Nationaler Taumel - Nein Danke
Deutschlandfahnen überall, Autocorsos, Nationalhymne … der durch "Public Viewing" und stundenlange Jubelkommentare in Funk und Fernsehen massiv gehypte nationalistische Taumel ist mehr als nur nervtötend.
Natürlich ist nicht jede/r, der/die schwarz-rot-gold beflaggt durch die Gegend läuft, ein ausgewiesener Nationalist oder Chauvinist. Und vermutlich steht bei den meisten tatsächlich der Spaß, der "Eventcharakter" im Vordergrund. Und vielleicht hat "das gemeinschaftliche Ziehen zum Versammlungsort, die Gesänge" tatsächlich etwas von "Wallfahrts-Prozessionen", wie der Sportsoziologe Robert Gugutzer mutmaßt.

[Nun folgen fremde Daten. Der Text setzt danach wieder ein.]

(* Let $d\ge1$, let $0\le\theta\le1$, and consider instances encoded as bipolar vectors $(x_1,\dots,x_d)\in\{1,-1\}^d$. Let a finite nonempty set of $k$ rules be given, each rule having as premise a nonempty conjunction of literals $x_i$ or $\neg x_i$ ($1\le i\le d$) and as conclusion the target class with a rule certainty factor $c\in(\theta,1]$. (An instance matches a rule if $x_i=1$ for each positive literal $x_i$ in its premise and $x_i=-1$ for each negated literal $\neg x_i$ in its premise.) Then there exists a multi-channel model with $k$ channels such that for every instance, the model output $M_{out}$ is $>\theta$ if the instance matches at least one of the given rules, and $M_{out}=0$ otherwise.
   Context: The CF-combining function: for a finite list of real arguments in $[-1,1]$, split them into the nonnegative ones $a_1,a_2,\dots$ and the negative ones $b_1,b_2,\dots$, and set $f_{\rm cf}=f^+_{\rm cf}(a_1,a_2,\dots)+f^-_{\rm cf}(b_1,b_2,\dots)$ where $f^+_{\rm cf}(a_1,a_2,\dots)=1-\prod_i(1-a_i)$ and $f^-_{\rm cf}(b_1,b_2,\dots)=-1+\prod_j(1+b_j)$ (empty products equal $1$). A multi-channel model with $k$ channels has, for each channel $j=1,\dots,k$, an output weight $u_j\in[0,1]$, a bias $w_{j0}\in[-1,1]$ and input weights $w_{j1},\dots,w_{jd}\in[-1,1]$. On input $(x_1,\dots,x_d)$, channel $j$ has activation $\phi_j=f_{\rm cf}(w_{j0},w_{j1}x_1,\dots,w_{jd}x_d)$ and influence $\psi_j=u_j\phi_j$, and the model output is $M_{out}=f_{\rm cf}(\psi_1,\dots,\psi_k)$. *)

From Stdlib Require Import Reals List.
Import ListNotations.
Open Scope R_scope.

Definition prodR (l : list R) : R := fold_right Rmult 1 l.

Definition is_nonneg (a : R) : bool := if Rle_dec 0 a then true else false.

Definition fcf_pos (l : list R) : R := 1 - prodR (map (fun a => 1 - a) l).
Definition fcf_neg (l : list R) : R := -1 + prodR (map (fun b => 1 + b) l).

Definition fcf (l : list R) : R :=
  fcf_pos (filter is_nonneg l) + fcf_neg (filter (fun a => negb (is_nonneg a)) l).

(* A multi-channel model with channels j = 0..k-1 and inputs i = 0..d-1
   (the paper's 1-based indices shifted by one). *)
Record model := Model {
  u  : nat -> R;
  w0 : nat -> R;
  w  : nat -> nat -> R
}.

Definition valid_model (k d : nat) (m : model) : Prop :=
  forall j, (j < k)%nat ->
    (0 <= u m j <= 1) /\ (-1 <= w0 m j <= 1) /\
    (forall i, (i < d)%nat -> -1 <= w m j i <= 1).

Definition activation (d : nat) (m : model) (j : nat) (x : nat -> R) : R :=
  fcf (w0 m j :: map (fun i => w m j i * x i) (seq 0 d)).

Definition influence (d : nat) (m : model) (j : nat) (x : nat -> R) : R :=
  u m j * activation d m j x.

Definition M_out (k d : nat) (m : model) (x : nat -> R) : R :=
  fcf (map (fun j => influence d m j x) (seq 0 k)).

(* bipolar instance (x_0,...,x_{d-1}) in {1,-1}^d; values beyond d are irrelevant *)
Definition bipolar (d : nat) (x : nat -> R) : Prop :=
  forall i, (i < d)%nat -> x i = 1 \/ x i = -1.

(* A literal (i, true) stands for x_i, (i, false) for the negation of x_i. *)
Definition literal := (nat * bool)%type.

Record rule := Rule {
  premise : list literal;
  cf : R                    (* certainty factor of the conclusion (target class) *)
}.

Definition lit_holds (x : nat -> R) (l : literal) : Prop :=
  x (fst l) = (if snd l then 1 else -1).

Definition matches (x : nat -> R) (r : rule) : Prop :=
  Forall (lit_holds x) (premise r).

Definition well_formed_rule (d : nat) (theta : R) (r : rule) : Prop :=
  premise r <> [] /\
  Forall (fun l : literal => (fst l < d)%nat) (premise r) /\
  theta < cf r <= 1.

From Stdlib Require Import Reals List Lra Lia Classical ClassicalEpsilon.
Import ListNotations.
Open Scope R_scope.

(* Channel j encodes rule j: bias 1, input weight 1 on a positive literal x_i,
   -1 on a negated literal, 0 on absent variables.  On a bipolar instance every
   argument of the activation lies in {-1, 0, 1} and includes the bias 1; a -1
   occurs exactly when some literal is violated.  Since f_cf saturates to 1 on a
   1 and to -1 on a -1, the activation is 1 on matching instances and 0 otherwise.
   With output weight c_j the influences are c_j or 0, and f_cf of nonnegative
   arguments is at least their maximum and vanishes on zeros. *)

Lemma prodR_cons (a : R) (l : list R) : prodR (a :: l) = a * prodR l.
Proof. reflexivity. Qed.

Lemma prodR_unit_interval (l : list R) :
  (forall a, In a l -> 0 <= a <= 1) -> 0 <= prodR l <= 1.
Proof.
  induction l as [|a l IH]; intros Hl; rewrite ?prodR_cons; [cbn; lra|].
  assert (Ha := Hl a (or_introl eq_refl)).
  assert (Hp := IH (fun b Hb => Hl b (or_intror Hb))).
  nra.
Qed.

Lemma prodR_le_In (l : list R) (a : R) :
  (forall b, In b l -> 0 <= b <= 1) -> In a l -> prodR l <= a.
Proof.
  induction l as [|b l IH]; intros Hl Ha; [destruct Ha|].
  rewrite prodR_cons.
  assert (Hb := Hl b (or_introl eq_refl)).
  assert (Hl' : forall c, In c l -> 0 <= c <= 1) by (intros c Hc; apply Hl; right; exact Hc).
  assert (Hp := prodR_unit_interval l Hl').
  destruct Ha as [<-|Ha]; [nra|].
  assert (IHa := IH Hl' Ha). nra.
Qed.

Lemma prodR_In_0 (l : list R) : In 0 l -> prodR l = 0.
Proof.
  induction l as [|a l IH]; intros Hl; [destruct Hl|].
  rewrite prodR_cons. destruct Hl as [->|Hl]; [ring|]. rewrite (IH Hl). ring.
Qed.

Lemma prodR_all_1 (l : list R) : (forall a, In a l -> a = 1) -> prodR l = 1.
Proof.
  induction l as [|a l IH]; intros Hl; [reflexivity|].
  rewrite prodR_cons, (Hl a (or_introl eq_refl)), IH; [ring|].
  intros b Hb; apply Hl; right; exact Hb.
Qed.

Lemma is_nonneg_spec (a : R) : is_nonneg a = true <-> 0 <= a.
Proof. unfold is_nonneg; destruct (Rle_dec 0 a); split; easy. Qed.

Lemma fcf_of_nonneg (l : list R) :
  (forall a, In a l -> 0 <= a) -> fcf l = fcf_pos l.
Proof.
  intros Hl. unfold fcf.
  assert (Hsplit : filter is_nonneg l = l /\
                   filter (fun a => negb (is_nonneg a)) l = []).
  { induction l as [|a l IH]; [easy|].
    cbn. rewrite (proj2 (is_nonneg_spec a)) by (apply Hl; left; reflexivity).
    destruct IH as [-> ->]; [|easy]. intros b Hb; apply Hl; right; exact Hb. }
  destruct Hsplit as [-> ->]. unfold fcf_neg. cbn. ring.
Qed.

Lemma fcf_In_1_In_m1 (l : list R) : In 1 l -> In (-1) l -> fcf l = 0.
Proof.
  intros H1 Hm1. unfold fcf, fcf_pos, fcf_neg.
  rewrite !prodR_In_0; [ring| |].
  - apply in_map_iff. exists (-1). split; [ring|].
    apply filter_In. split; [exact Hm1|].
    destruct (is_nonneg (-1)) eqn:E; [apply is_nonneg_spec in E; lra | reflexivity].
  - apply in_map_iff. exists 1. split; [ring|].
    apply filter_In. split; [exact H1|]. apply is_nonneg_spec. lra.
Qed.

Lemma fcf_In_1_nonneg (l : list R) :
  In 1 l -> (forall a, In a l -> 0 <= a) -> fcf l = 1.
Proof.
  intros H1 Hl. rewrite fcf_of_nonneg by exact Hl. unfold fcf_pos.
  rewrite prodR_In_0; [ring|].
  apply in_map_iff. exists 1. split; [ring | exact H1].
Qed.

Lemma fcf_ge_In (l : list R) (a : R) :
  (forall b, In b l -> 0 <= b <= 1) -> In a l -> a <= fcf l.
Proof.
  intros Hl Ha. rewrite fcf_of_nonneg by (intros b Hb; apply Hl, Hb). unfold fcf_pos.
  assert (Hcompl : forall c, In c (map (fun b => 1 - b) l) -> 0 <= c <= 1).
  { intros c Hc. apply in_map_iff in Hc as [b [<- Hb]]. specialize (Hl b Hb). lra. }
  assert (Hle : prodR (map (fun b => 1 - b) l) <= 1 - a).
  { apply prodR_le_In; [exact Hcompl|]. apply in_map_iff. exists a. auto. }
  lra.
Qed.

Lemma fcf_all_0 (l : list R) : (forall a, In a l -> a = 0) -> fcf l = 0.
Proof.
  intros Hl. rewrite fcf_of_nonneg by (intros a Ha; rewrite (Hl a Ha); lra).
  unfold fcf_pos. rewrite prodR_all_1; [ring|].
  intros c Hc. apply in_map_iff in Hc as [a [<- Ha]]. rewrite (Hl a Ha). ring.
Qed.

Definition literal_eq_dec (l l' : literal) : {l = l'} + {l <> l'}.
Proof. repeat decide equality. Defined.

Definition lit_weight (p : list literal) (i : nat) : R :=
  if in_dec literal_eq_dec (i, true) p then 1
  else if in_dec literal_eq_dec (i, false) p then -1 else 0.

Definition consistent (p : list literal) : Prop :=
  forall i, In (i, true) p -> ~ In (i, false) p.

Definition default_rule : rule := Rule [] 0.

(* An inconsistent premise is never matched, but lit_weight (which lets x_i win
   over its negation) would not detect its violation: such channels are muted. *)
Definition rule_model (rules : list rule) : model :=
  Model (fun j => let r := nth j rules default_rule in
                  if excluded_middle_informative (consistent (premise r)) then cf r else 0)
        (fun _ => 1)
        (fun j => lit_weight (premise (nth j rules default_rule))).

Lemma lit_weight_range (p : list literal) (i : nat) : -1 <= lit_weight p i <= 1.
Proof.
  unfold lit_weight.
  destruct (in_dec literal_eq_dec (i, true) p); [|destruct (in_dec literal_eq_dec (i, false) p)]; lra.
Qed.

Lemma matches_consistent (x : nat -> R) (r : rule) :
  matches x r -> consistent (premise r).
Proof.
  intros Hm i Ht Hf. unfold matches in Hm. rewrite Forall_forall in Hm.
  assert (E1 := Hm _ Ht). assert (E2 := Hm _ Hf).
  unfold lit_holds in E1, E2; cbn in E1, E2. lra.
Qed.

Lemma lit_weight_mul_nonneg (x : nat -> R) (p : list literal) (i : nat) :
  Forall (lit_holds x) p -> 0 <= lit_weight p i * x i.
Proof.
  intros Hm. rewrite Forall_forall in Hm. unfold lit_weight.
  destruct (in_dec literal_eq_dec (i, true) p) as [Ht|_].
  { assert (E := Hm _ Ht). unfold lit_holds in E; cbn in E. rewrite E. lra. }
  destruct (in_dec literal_eq_dec (i, false) p) as [Hf|_]; [|lra].
  assert (E := Hm _ Hf). unfold lit_holds in E; cbn in E. rewrite E. lra.
Qed.

Lemma lit_weight_mul_violated (x : nat -> R) (p : list literal) (i : nat) (b : bool) :
  consistent p -> In (i, b) p -> (x i = 1 \/ x i = -1) -> ~ lit_holds x (i, b) ->
  lit_weight p i * x i = -1.
Proof.
  intros Hc Hin Hx Hviol. unfold lit_holds in Hviol; cbn in Hviol. unfold lit_weight.
  destruct b.
  - destruct (in_dec literal_eq_dec (i, true) p) as [_|Hn]; [|contradiction].
    destruct Hx as [Hx|Hx]; [contradiction|]. rewrite Hx. ring.
  - destruct (in_dec literal_eq_dec (i, true) p) as [Ht|_]; [exfalso; exact (Hc i Ht Hin)|].
    destruct (in_dec literal_eq_dec (i, false) p) as [_|Hn]; [|contradiction].
    destruct Hx as [Hx|Hx]; [|contradiction]. rewrite Hx. ring.
Qed.

Section RuleModel.

Variables (d : nat) (theta : R) (rules : list rule).
Hypothesis theta_nonneg : 0 <= theta.
Hypothesis rules_wf : forall r, In r rules -> well_formed_rule d theta r.

Lemma activation_rule_model (j : nat) (x : nat -> R) :
  activation d (rule_model rules) j x =
  fcf (1 :: map (fun i => lit_weight (premise (nth j rules default_rule)) i * x i) (seq 0 d)).
Proof. reflexivity. Qed.

Lemma activation_matched (j : nat) (x : nat -> R) :
  matches x (nth j rules default_rule) -> activation d (rule_model rules) j x = 1.
Proof.
  intros Hm. rewrite activation_rule_model.
  apply fcf_In_1_nonneg; [left; reflexivity|].
  intros a [<-|Ha]; [lra|].
  apply in_map_iff in Ha as [i [<- _]]. exact (lit_weight_mul_nonneg x _ i Hm).
Qed.

Lemma activation_unmatched (j : nat) (x : nat -> R) :
  bipolar d x -> (j < length rules)%nat ->
  consistent (premise (nth j rules default_rule)) ->
  ~ matches x (nth j rules default_rule) ->
  activation d (rule_model rules) j x = 0.
Proof.
  intros Hx Hj Hc Hm.
  destruct (rules_wf _ (nth_In rules default_rule Hj)) as [_ [Hidx _]].
  apply (Exists_Forall_neg _ _ (fun l => classic _)) in Hm.
  apply Exists_exists in Hm as [[i b] [Hin Hviol]].
  assert (Hi : (i < d)%nat) by (rewrite Forall_forall in Hidx; exact (Hidx _ Hin)).
  rewrite activation_rule_model.
  apply fcf_In_1_In_m1; [left; reflexivity|]. right.
  apply in_map_iff. exists i. split; [|apply in_seq; lia].
  exact (lit_weight_mul_violated x _ i b Hc Hin (Hx i Hi) Hviol).
Qed.

Lemma influence_matched (j : nat) (x : nat -> R) :
  matches x (nth j rules default_rule) ->
  influence d (rule_model rules) j x = cf (nth j rules default_rule).
Proof.
  intros Hm. unfold influence. rewrite activation_matched by exact Hm. cbn [u rule_model].
  destruct excluded_middle_informative as [_|Hn]; [ring|].
  exfalso. exact (Hn (matches_consistent _ _ Hm)).
Qed.

Lemma influence_unmatched (j : nat) (x : nat -> R) :
  bipolar d x -> (j < length rules)%nat ->
  ~ matches x (nth j rules default_rule) -> influence d (rule_model rules) j x = 0.
Proof.
  intros Hx Hj Hm. unfold influence. cbn [u rule_model].
  destruct excluded_middle_informative as [Hc|_]; [|ring].
  rewrite activation_unmatched by assumption. ring.
Qed.

Lemma influence_unit_interval (j : nat) (x : nat -> R) :
  bipolar d x -> (j < length rules)%nat -> 0 <= influence d (rule_model rules) j x <= 1.
Proof.
  intros Hx Hj.
  destruct (classic (matches x (nth j rules default_rule))) as [Hm|Hm].
  - rewrite influence_matched by exact Hm.
    destruct (rules_wf _ (nth_In rules default_rule Hj)) as [_ [_ Hcf]]. lra.
  - rewrite influence_unmatched by assumption. lra.
Qed.

Lemma rule_model_valid : valid_model (length rules) d (rule_model rules).
Proof.
  intros j Hj. cbn. split; [|split; [lra|intros i _; apply lit_weight_range]].
  destruct (rules_wf _ (nth_In rules default_rule Hj)) as [_ [_ Hcf]].
  destruct excluded_middle_informative; lra.
Qed.

Lemma In_influences (x : nat -> R) (a : R) :
  In a (map (fun j => influence d (rule_model rules) j x) (seq 0 (length rules))) ->
  exists j, (j < length rules)%nat /\ a = influence d (rule_model rules) j x.
Proof.
  intros Ha. apply in_map_iff in Ha as [j [<- Hj]]. apply in_seq in Hj.
  exists j. split; [lia | reflexivity].
Qed.

Lemma M_out_matched (x : nat -> R) :
  bipolar d x -> (exists r, In r rules /\ matches x r) ->
  M_out (length rules) d (rule_model rules) x > theta.
Proof.
  intros Hx [r [Hr Hm]].
  destruct (In_nth rules r default_rule Hr) as [j [Hj Ej]].
  destruct (rules_wf r Hr) as [_ [_ Hcf]].
  assert (Hle : cf r <= M_out (length rules) d (rule_model rules) x).
  { apply fcf_ge_In.
    - intros a Ha. apply In_influences in Ha as [j' [Hj' ->]].
      exact (influence_unit_interval j' x Hx Hj').
    - apply in_map_iff. exists j. split; [|apply in_seq; lia].
      rewrite <- Ej in Hm |- *. exact (influence_matched j x Hm). }
  lra.
Qed.

Lemma M_out_unmatched (x : nat -> R) :
  bipolar d x -> ~ (exists r, In r rules /\ matches x r) ->
  M_out (length rules) d (rule_model rules) x = 0.
Proof.
  intros Hx Hn. apply fcf_all_0. intros a Ha.
  apply In_influences in Ha as [j [Hj ->]].
  apply influence_unmatched; [exact Hx | exact Hj|].
  intros Hm. apply Hn. exists (nth j rules default_rule). split; [|exact Hm].
  exact (nth_In rules default_rule Hj).
Qed.

End RuleModel.

Theorem theorem2 (d : nat) (theta : R) (rules : list rule) :
  (1 <= d)%nat ->
  0 <= theta <= 1 ->
  rules <> [] ->
  (forall r, In r rules -> well_formed_rule d theta r) ->
  exists m : model,
    valid_model (length rules) d m /\
    forall x : nat -> R, bipolar d x ->
      ((exists r, In r rules /\ matches x r) -> M_out (length rules) d m x > theta) /\
      (~ (exists r, In r rules /\ matches x r) -> M_out (length rules) d m x = 0).
Proof.
  intros _ [Htheta _] _ Hwf. exists (rule_model rules). split.
  - exact (rule_model_valid d theta rules Htheta Hwf).
  - intros x Hx. split.
    + exact (M_out_matched d theta rules Htheta Hwf x Hx).
    + exact (M_out_unmatched d theta rules Hwf x Hx).
Qed.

Gegen "Fußballfeste" ist nichts einzuwenden. Doch warum einheitlich in schwarz-rot-gelb und alle nur hinter einer einzigen Mannschaft?
Wenn Hunderttausende nun in schwarz-rot-gelb zusammenströmen, ihre Wohnungen und Autos beflaggen, ihre Körper behängen und bemalen, wenn für Massenmedien und weite Teile der Gesellschaft nicht ein deutsches Team hoch bezahlter Profikicker auf dem Platz steht, sondern "Deutschland" spielt, siegt etc.., so ist dies kein harmloser „unverkrampften Patriotismus“ mehr.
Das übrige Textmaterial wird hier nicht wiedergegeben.